I’m running XCP-ng virtualization stack and do push a whole USB-PCI card into the VM. Most likely the issue is somewhere in that area.

Would be nice if OH isnt bailing out completely in case such thing happens, so that only the binding dies and the rest remains active.

In my experience it may help to create a virtual proxy device via socat. I use this for a serial device that I connect through the network and it runs very stable. Before that OH did not crash completely but had to be rebooted after the connection was lost. This may however also help with physically connected devices.
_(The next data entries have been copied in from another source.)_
Theorem theorem4 :
  (exists P : nat -> R, (forall m, (1 <= m)%nat -> PrA SC m (P m)) /\
     Un_cv P (1/6)) /\
  (exists P : nat -> R, (forall m, (1 <= m)%nat -> PrA WO m (P m)) /\
     Un_cv P (7/54)) /\
  (exists P : nat -> R, (forall m, (1 <= m)%nat -> PrA TSO m (P m)) /\
     exists L : R, Un_cv P L /\ 58/441 < L < 58/441 + 1/189).
Proof.
  split; [|split].
  - exists (PrA_value SC). split; [intros; apply PrA_value_spec|].
    apply (Un_cv_ext (fun _ => 1/6)); [intro; symmetry; apply PrA_value_SC|apply Un_cv_const].
  - exists (PrA_value WO). split; [intros; apply PrA_value_spec|].
    apply (Un_cv_ext (fun m => 2/3 * wo_value m)); [intro; symmetry; apply PrA_value_WO|].
    replace (7/54) with (2/3 * (7/36)) by field. apply Un_cv_scale, Un_cv_wo_value.
  - exists (PrA_value TSO). split; [intros; apply PrA_value_spec|].
    destruct Un_cv_tso_avg_bounds as (L & HL & Hlo & Hhi). exists (2/3 * L). split.
    + apply (Un_cv_ext (fun m => 2/3 * tso_avg m 0)).
      { intro m. rewrite PrA_value_TSO, avg_tso_value. reflexivity. }
      apply Un_cv_scale, HL.
    + rewrite tso_avg3 in Hlo, Hhi. simpl in Hlo. lra.
Qed.
Lemma deg_gt0P D f v : reflect (exists2 a, a \in D & f a = v) (0 < deg D f v).
Proof.
apply: (iffP idP) => [|[a aD <-]]; last by rewrite /deg (big_setD1 a) //= eqxx.
case: (pickP (fun a => (a \in D) && (f a == v))) => [a /andP[aD /eqP] | none].
  by exists a.
by rewrite /deg big1 // => a aD; move: (none a); rewrite aD /= => ->.
Qed.

Lemma deg_setD_mirror D f b v : b \in D -> sA b \in D ->
  deg D f v = (f b == v) + (f (sA b) == v) + deg (D :\ b :\ sA b) f v.
Proof.
move=> bD sbD; rewrite /deg (big_setD1 b) // (big_setD1 (sA b)) /= ?addnA //.
by rewrite in_setD1 sbD sA_neq.
Qed.

Lemma card_setD_mirror D b : b \in D -> #|D :\ b :\ sA b| < #|D|.
Proof.
move=> bD; apply: leq_ltn_trans (subset_leq_card (subsetDl _ _)) _.
exact: proper_card (properD1 bD).
Qed.

Lemma mirror_closed_setD D b : mirror_closed D -> mirror_closed (D :\ b :\ sA b).
Proof.
move=> closedD a; rewrite !in_setD1 => /and3P[a_sb a_b aD].
rewrite closedD // andbT (can_eq sAK) a_b /=.
by apply: contra a_sb => /eqP <-; rewrite sAK.
Qed.

Lemma symmetric_excess_shift D D' tl hd tl' hd' (k : V -> nat) :
  symmetric_excess D tl hd -> skew tl' hd' -> mirror_closed D' ->
  (forall v, deg D tl v = deg D' tl' v + k v) ->
  (forall v, deg D hd v = deg D' hd' v + k v) ->
  symmetric_excess D' tl' hd'.
Proof.
case=> _ _ bal exc skew' closed' tlk hdk; split=> // [v v_s v_s'|].
  by apply/eqP; rewrite -(eqn_add2r (k v)) -tlk -hdk bal.
by rewrite -(ltn_add2r (k s)) -tlk -hdk.
Qed.

Lemma symmetric_excess_loop D tl hd a : symmetric_excess D tl hd ->
  a \in D -> tl a = hd a -> symmetric_excess (D :\ a :\ sA a) tl hd.
Proof.
move=> exD aD loop_a; have [skew_th closed _ _] := exD.
have [tl_sa hd_sa] := skew_th a.
apply: (symmetric_excess_shift (k := fun v => (hd a == v) + (sV (hd a) == v)) exD)
  => // [|v|v]; first exact: mirror_closed_setD.
- by rewrite (deg_setD_mirror _ v aD (closed a aD)) tl_sa loop_a; lia.
- by rewrite (deg_setD_mirror _ v aD (closed a aD)) hd_sa loop_a; lia.
Qed.

Definition redirect f (a b : A) e := if e == a then f b else f e.

Lemma deg_redirect D f a b v : a \in D ->
  deg D (redirect f a b) v + (f a == v) = deg D f v + (f b == v).
Proof.
move=> aD; rewrite /deg !(big_setD1 a aD) /= /redirect eqxx.
rewrite (eq_bigr (fun e => (f e == v) : nat)) => [|e]; first lia.
by rewrite in_setD1 => /andP[/negbTE ->].
Qed.
Theorem theorem4p2 (E : finType) (R : realType) (a : E) :
  (forall phi : config E -> R, cont phi -> ext_prop phi ->
     TI_gibbsian (gammaphi phi)) /\
  (forall gam : {fset int} -> config E -> R, TI_gibbsian gam ->
     [/\ cont (phi_gamma gam a), ext_prop (phi_gamma gam a) &
         forall (L : {fset int}) (w : config E),
           gammaphi (phi_gamma gam a) L w = gam L w]).
Proof.
split=> [phi phi_cont phi_ext | gam [[gam_spec gam_non_null gam_cont] gam_TI]].
  exact: gammaphi_TI_gibbsian.
split; [exact: phi_gamma_cont | exact: phi_gamma_ext | exact: gammaphi_phi_gamma].
Qed.
Lemma alpha_treeP S st :
  is_tree S -> is_stem S st -> alpha_branching S st -> alpha_tree U alpha S.
Proof.
move=> Stree Sstem Sbranch; split=> //; exists st; split=> //.
by exists st; split; [case: Sstem|apply: fsqsub_refl].
Qed.

Lemma branching_two_children {S : set {fset nat}} {s} :
  U [set i | S (s `|` [fset alpha s i])%fset] ->
  exists a b, [/\ a <> b, below a s, below b s,
                  S (s `|` [fset a])%fset & S (s `|` [fset b])%fset].
Proof.
move=> US; have US' := uf_setI HU US (nonstandard_above HU s (Halpha s)).
have [i [j [[Si hi] [Sj hj] hij]]] := nonstandard_two_values HU US' (Halpha s).
by exists (alpha s i), (alpha s j).
Qed.

Variable T : set {fset nat}.
Hypothesis Ttree : is_tree T.

Definition decided_at (Q : set (set nat)) (s : {fset nat}) : Prop :=
  exists S, [/\ is_tree S, is_stem S s, alpha_branching S s, S `<=` T & body S `<=` Q].

Definition graft (s : {fset nat}) (P : set nat) (Sf : nat -> set {fset nat}) :
  set {fset nat} := [set t | fsqsub t s \/ exists2 a, P a & Sf a t].

Section Graft.
Context {s : {fset nat}} {P : set nat} {Sf : nat -> set {fset nat}}.
Hypothesis HSf : forall a, P a ->
  [/\ below a s, is_tree (Sf a) & is_stem (Sf a) (s `|` [fset a])%fset].

Lemma graft_comparable : comparable_all (graft s P Sf) s.
Proof.
move=> t [ts|[a Pa Sat]]; first by right.
have [ha _ [_ hc _]] := HSf _ Pa.
case: (hc _ Sat) => h; first by left; apply: fsqsub_trans (fsqsub_extend ha) h.
exact: init_seg_total (fsqsub_extend ha) h.
Qed.
Theorem lemma8p5 (F : closedFieldType) (gT : finGroupType) (G P : {group gT})
  (ltPG : P \proper G)
  (m n : nat) (rU : mx_representation F G m) (rV : mx_representation F G n)
  (irrU : mx_irreducible rU) (irrV : mx_irreducible rV)
  (EndU : 2 <= dim_End_res rU (proper_sub ltPG))
  (EndV : 2 <= dim_End_res rV (proper_sub ltPG))
  (hW : exists (a : nat) (rA : mx_representation F G a),
      [/\ mx_irreducible rA,
          ~ mx_rsim rA (triv_repr F G) &
          mx_rsim (induced_triv_repr F P G) (dsum_repr (triv_repr F G) rA)
          \/ (mx_uniserial (induced_triv_repr F P G) /\
              exists (M1 M2 : 'M[F]_#|rcosets P G|)
                     (mod1 : mxmodule (induced_triv_repr F P G) M1)
                     (mod2 : mxmodule (induced_triv_repr F P G) M2),
                [/\ (M1 <= M2)%MS,
                    mx_rsim (submod_repr mod1) (triv_repr F G),
                    mx_rsim (section_repr mod1 mod2) rA &
                    mx_rsim (factmod_repr mod2) (triv_repr F G)])]) :
  ~ mx_irreducible (tens_repr rU rV).
Proof.
move=> irrUV; have sPG := proper_sub ltPG.
have [ZU cU nsU] := exists_nonscalar_res_cent EndU.
have [ZV cV nsV] := exists_nonscalar_res_cent EndV.
have [pairVU pairUV] := tens_irr_pairing_scalar sPG cU cV irrUV.
have [xU nzU /andP[xkerU xaugU]] := ker_meets_aug sPG irrV cV nsV pairUV.
have [xV nzV /andP[xkerV _]] := ker_meets_aug sPG irrU cU nsU pairVU.
have naugU := aug_not_sub_ker_conj_hom sPG irrU cU nsU.
have naugV := aug_not_sub_ker_conj_hom sPG irrV cV nsV.
have modU := ker_conj_hom_module sPG cU; have modV := ker_conj_hom_module sPG cV.
case: hW => a [rA [irrA ntA [splitW | [uniW]]]].
  by case/negP: naugU; exact: (split_aug_sub_module sPG irrA splitW modU nzU xkerU xaugU).
case=> M1 [M2 [mod1 [mod2 [sM12 triv1 simA triv2]]]].
have small_ker := small_submod_one sPG irrA uniW sM12 triv1 simA triv2.
apply: (uniserial_scalar_pairing_false sPG irrA ntA uniW sM12 triv1 simA triv2
         cU pairVU).
  exact: small_ker modV naugV nzV xkerV.
exact: small_ker modU naugU nzU xkerU.
Qed.
(* A simple graph on the vertex set 'I_n (vertices 0..n-1 stand for 1..n),
   given by an adjacency relation e. *)
Definition simple_graph (n : nat) (e : rel 'I_n) : Prop :=
  symmetric e /\ irreflexive e.

Definition num_edges (n : nat) (e : rel 'I_n) : nat :=
  #|[set p : 'I_n * 'I_n | e p.1 p.2 && (p.1 < p.2)%N]|.

Definition connected_graph (n : nat) (e : rel 'I_n) : Prop :=
  forall i j : 'I_n, connect e i j.

Definition unicyclic (n : nat) (e : rel 'I_n) : Prop :=
  [/\ simple_graph e, connected_graph e & num_edges e = n].

Definition graph_cycle (n : nat) (e : rel 'I_n) (C : seq 'I_n) : bool :=
  [&& uniq C, (3 <= size C)%N & cycle e C].

Definition degree (n : nat) (e : rel 'I_n) (i : 'I_n) : nat :=
  #|[set j | e i j]|.

Local Open Scope ring_scope.
Definition signless_laplacian (R : nzRingType) (n : nat) (e : rel 'I_n)
  : 'M[R]_n :=
  \matrix_(i, j) ((if i == j then (degree e i)%:R else 0) + (e i j)%:R).

(* Write Q = B B^T with B the vertex-edge incidence matrix, which is square
   since a unicyclic graph has as many edges as vertices. If y B = 0, then
   y_a + y_b = 0 on every edge, so y alternates in sign around C and, C being
   odd, vanishes on C and then everywhere by connectivity: B is invertible and
   q^+_ii = |f|^2 for the unique f with B f = e_i. This f is explicit: weights
   +1, -1, ... along a path of d edges from i meeting C only at its end c,
   followed by weights +-1/2 alternating around C from c, whose odd length
   makes the two contributions at c add up instead of cancelling. Thus
   q^+_ii = d + |C|/4, and d = 0 exactly when i lies on C. *)

From mathcomp Require Import all_boot all_order all_algebra.
From mathcomp Require Import ring.
Import Order.TTheory GRing.Theory Num.Theory.
Set Implicit Arguments. Unset Strict Implicit. Unset Printing Implicit Defensive.
Local Open Scope ring_scope.
(* Let $\mathcal{H}$ be a complex Hilbert space and $T\in\mathbb{B}(\mathcal{H})$. Then $$w(T) \leq \frac{\sqrt{2}}{2}\Omega(T) \leq \frac{\sqrt{2}}{2}\min\left\{\sqrt{\|TT^* + T^*T\|},\ \sqrt{\|T\|^2 + w(T^2)}\right\}.$$
   Context: $\mathbb{B}(\mathcal{H})$ is the algebra of bounded linear operators on $\mathcal{H}$, $\|\cdot\|$ the usual operator norm, and $w(T)=\sup\{|\langle Tx,x\rangle|:\|x\|=1\}$ the numerical radius. Dragomir's norm is $\Omega(T)=\sup\{\|\zeta T+\eta T^*\|:\ \zeta,\eta\in\mathbb{C},\ |\zeta|^2+|\eta|^2\le 1\}$. *)

From HB Require Import structures.
From mathcomp Require Import all_boot all_order all_algebra.
From mathcomp Require Import complex.
From mathcomp Require Import boolp classical_sets reals.
Set Implicit Arguments. Unset Strict Implicit. Unset Printing Implicit Defensive.
Import Order.TTheory GRing.Theory Num.Theory.
Local Open Scope ring_scope.
Local Open Scope classical_set_scope.

Section Hilbert.
Variable R : realType.
Variable V : lmodType R[i].
Variable ip : V -> V -> R[i].

Definition hnorm (x : V) : R := Num.sqrt (@complex.Re R (ip x x)).

Record is_hilbert : Prop := IsHilbert {
  ip_linl : forall (a : R[i]) (x y z : V), ip (a *: x + y) z = a * ip x z + ip y z;
  ip_conj : forall x y : V, ip y x = conjc (ip x y);
  ip_ge0 : forall x : V, 0 <= ip x x;
  ip_eq0 : forall x : V, ip x x = 0 -> x = 0;
  ip_complete : forall u : nat -> V,
     (forall e : R, 0 < e -> exists N, forall m n, (N <= m)%N -> (N <= n)%N ->
        hnorm (u m - u n) < e) ->
     exists l : V, forall e : R, 0 < e -> exists N, forall n, (N <= n)%N ->
        hnorm (u n - l) < e }.

Definition is_bounded_op (T : V -> V) : Prop :=
  (forall (a : R[i]) (x y : V), T (a *: x + y) = a *: T x + T y) /\
  (exists M : R, forall x, hnorm (T x) <= M * hnorm x).

Definition is_adjoint (T Ts : V -> V) : Prop :=
  forall x y : V, ip (T x) y = ip x (Ts y).

Definition opnorm (T : V -> V) : R :=
  sup [set hnorm (T x) | x in [set x | hnorm x <= 1]].

Definition numrad (T : V -> V) : R :=
  sup [set Normc.normc (ip (T x) x) | x in [set x | hnorm x = 1]].

(* Dragomir's norm Omega(T) = sup { ||zeta T + eta T^*|| : |zeta|^2+|eta|^2 <= 1 } *)
Definition dragomir (T Ts : V -> V) : R :=
  sup [set opnorm (fun x => ze.1 *: T x + ze.2 *: Ts x) |
        ze in [set ze : R[i] * R[i] | Normc.normc ze.1 ^+ 2 + Normc.normc ze.2 ^+ 2 <= 1]].
End Hilbert.

From HB Require Import structures.
From mathcomp Require Import all_boot all_order all_algebra.
From mathcomp Require Import complex.
From mathcomp Require Import boolp classical_sets reals.
From mathcomp Require Import ring lra.
Import Order.TTheory GRing.Theory Num.Theory.

Set Implicit Arguments. Unset Strict Implicit. Unset Printing Implicit Defensive.
Local Open Scope ring_scope.
Local Open Scope classical_set_scope.
Local Open Scope complex_scope.

(* For a unit vector [x] put [u = <Tx, x>].  The coefficients [a = k u^*] and
   [b = k u] with [k = 1 / (sqrt 2 |u|)] satisfy [|a|^2 + |b|^2 = 1] and
   [<(aT + bT^* ) x, x> = sqrt 2 |u|], whence [sqrt 2 w(T) <= Omega(T)].
   Conversely, for [|a|^2 + |b|^2 <= 1] and [||x|| <= 1],
     [||aTx + bT^* x||^2 <= |a|^2 ||Tx||^2 + |b|^2 ||T^* x||^2 + 2 |a| |b| |<Tx, T^* x>|].
   Bounding the cross term by Cauchy-Schwarz gives at most
   [||Tx||^2 + ||T^* x||^2 = Re <(TT^* + T^* T) x, x> <= ||TT^* + T^* T||];
   rewriting it as [<T^2 x, x>] gives at most [||T||^2 + w(T^2)]. *)

Section ComplexModulus.
Variable R : rcfType.
Implicit Types z : R[i].
Local Notation nc := (@Normc.normc R).

Lemma normc_ge0 z : 0 <= nc z.
Proof. by case: z => a b; rewrite sqrtr_ge0. Qed.

Lemma normc_real (k : R) : nc k%:C = `|k|.
Proof. by rewrite /= expr0n addr0 sqrtr_sqr. Qed.

Lemma normc_conj z : nc (conjc z) = nc z.
Proof. by case: z => a b /=; rewrite sqrrN. Qed.

Lemma Re_le_normc z : complex.Re z <= nc z.
Proof.
case: z => a b /=; rewrite (le_trans (ler_norm a)) // -sqrtr_sqr.
by rewrite ler_wsqrtr // lerDl sqr_ge0.
Qed.

Lemma mulcJ_normc z : z * conjc z = (nc z ^+ 2)%:C.
Proof.
case: z => a b /=; rewrite sqr_sqrtr ?addr_ge0 ?sqr_ge0 //.
by apply/eqP; rewrite eq_complex /=; apply/andP; split; apply/eqP; ring.
Qed.

End ComplexModulus.

Section InnerProduct.
Variables (R : realType) (V : lmodType R[i]) (ip : V -> V -> R[i]).
Hypothesis hilbertV : is_hilbert ip.
Local Notation hn := (hnorm ip).
Local Notation nc := (@Normc.normc R).

Lemma ipDl x y z : ip (x + y) z = ip x z + ip y z.
Proof. by rewrite -[x]scale1r (ip_linl hilbertV) mul1r scale1r. Qed.

Lemma ip0l z : ip 0 z = 0.
Proof. by apply/(addrI (ip 0 z)); rewrite -ipDl !addr0. Qed.

Lemma ipZl a x z : ip (a *: x) z = a * ip x z.
Proof. by rewrite -[a *: x]addr0 (ip_linl hilbertV) ip0l addr0. Qed.

Lemma ipDr x y z : ip z (x + y) = ip z x + ip z y.
Proof. by rewrite (ip_conj hilbertV) ipDl rmorphD /= -!(ip_conj hilbertV). Qed.

Lemma ipZr a x z : ip z (a *: x) = conjc a * ip z x.
Proof. by rewrite (ip_conj hilbertV) ipZl rmorphM /= -!(ip_conj hilbertV). Qed.

Lemma ip0r z : ip z 0 = 0.
Proof. by rewrite (ip_conj hilbertV) ip0l conjc0. Qed.
Lemma res_count_mStr (lam : 'I_r -> seq nat) (s : {ffun 'I_r -> int}) (j : 'I_e) :
  (forall k, is_partition (lam k)) ->
  (res_count (mStr M (lam, s)) j)%:Z = (res_count (lam, s) j)%:Z +
    \sum_(i < e) (M i)%:Z * ((res_count (lam, s) i)%:Z - (res_count (lam, s) (ordS i))%:Z) +
    \sum_(k < r) stretch_defect M j (s k).
Proof.
move=> hl; rewrite !res_countE.
rewrite !(big_morph Posz (id1 := 0) (op1 := +%R) PoszD (erefl _)).
under eq_bigr => k _ do rewrite /mStr /= ffunE res_count1_Str //.
rewrite !big_split /=; congr (_ + _ + _).
rewrite exchange_big /=; apply: eq_bigr => i _.
by rewrite !res_countE !(big_morph Posz (id1 := 0) (op1 := +%R) PoszD (erefl _)) -sumrB mulr_sumr.
Qed.

Lemma res_count_mStr_sub (lam mu : 'I_r -> seq nat) (s : {ffun 'I_r -> int}) (j : 'I_e) :
  (forall k, is_partition (lam k)) -> (forall k, is_partition (mu k)) ->
  let a i := (res_count (lam, s) i)%:Z - (res_count (mu, s) i)%:Z in
  (res_count (mStr M (lam, s)) j)%:Z - (res_count (mStr M (mu, s)) j)%:Z =
  a j + \sum_(i < e) (M i)%:Z * (a i - a (ordS i)).
Proof.
move=> hlam hmu a; rewrite !res_count_mStr //.
set S := \sum_(i < e) (M i)%:Z * (a i - a (ordS i)).
have -> : S = \sum_(i < e) (M i)%:Z *
    ((res_count (lam, s) i)%:Z - (res_count (lam, s) (ordS i))%:Z) -
  \sum_(i < e) (M i)%:Z * ((res_count (mu, s) i)%:Z - (res_count (mu, s) (ordS i))%:Z).
  by rewrite -sumrB; apply: eq_bigr => i _; rewrite /a; ring.
by rewrite /a; ring.
Qed.

End MultiCharged.

Theorem lemma3p7 (e : nat) (he : (2 <= e)%N) (r : nat) (hr : (1 <= r)%N)
  (M : 'I_e -> nat) (lam mu : 'I_r -> seq nat) (s s' : {ffun 'I_r -> int}) :
  (forall k, is_partition (lam k)) -> (forall k, is_partition (mu k)) ->
  (block_eq e (lam, s) (mu, s') <->
   block_eq e (mStr M (lam, s)) (mStr M (mu, s'))).
Proof.
move=> hlam hmu; have e_gt0 : (0 < e)%N by apply: ltnW.
rewrite !block_eqE // (mStr_charge e_gt0 M s hlam) (mStr_charge e_gt0 M s' hmu) /=.
have -> : [ffun k => s k + (sumM M)%:Z] = [ffun k => s' k + (sumM M)%:Z] <-> s = s'.
  split=> [/ffunP h|-> //]; apply/ffunP => k.
  by move: (h k); rewrite !ffunE; apply: addIr.
split=> -[<- hres]; split=> // j; apply/eqP; rewrite -eqz_nat -subr_eq0; apply/eqP.
  rewrite res_count_mStr_sub // big1 => [|i _]; by rewrite !hres !subrr ?mulr0.
move: j; apply: (@eq0_of_shift_eq0 _ (fun i => (M i)%:Z) (@ordS e)
  (fun i => (res_count (lam, s) i)%:Z - (res_count (mu, s) i)%:Z)) => i.
by rewrite -res_count_mStr_sub // hres subrr.
Qed.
The following script is mounted in the /etc/cont-init.d/ folder of the OH docker container and creates the ttyNET0 device that connects to my actual ttyNET1 device (which is actually another socat instance that connects to the network device). OH is configured to use the ttyNET0 device.

#!/bin/bash
# https://community.openhab.org/t/cant-use-forwarded-socat-serial-port-in-lgtvserial-binding-ioexception/97965
# https://community.openhab.org/t/forwarding-of-serial-and-usb-ports-over-the-network-to-openhab/46597

# use while loop to restart socat on connection end
while /bin/true; do
    socat -d -d -s -lf /openhab/userdata/logs/socat_proxy.log pty,link=/dev/ttyNET0,raw,user=openhab,group=openhab,mode=777 pty,link=/dev/ttyNET1,raw,echo=0
    sleep 1
done &> /dev/null &

Thanks for all your hints.
In the end, I did an update of my hypervisor (xcp-ng) which sorted the issues. No more disconnects for the last days.
Closing here.

1 Like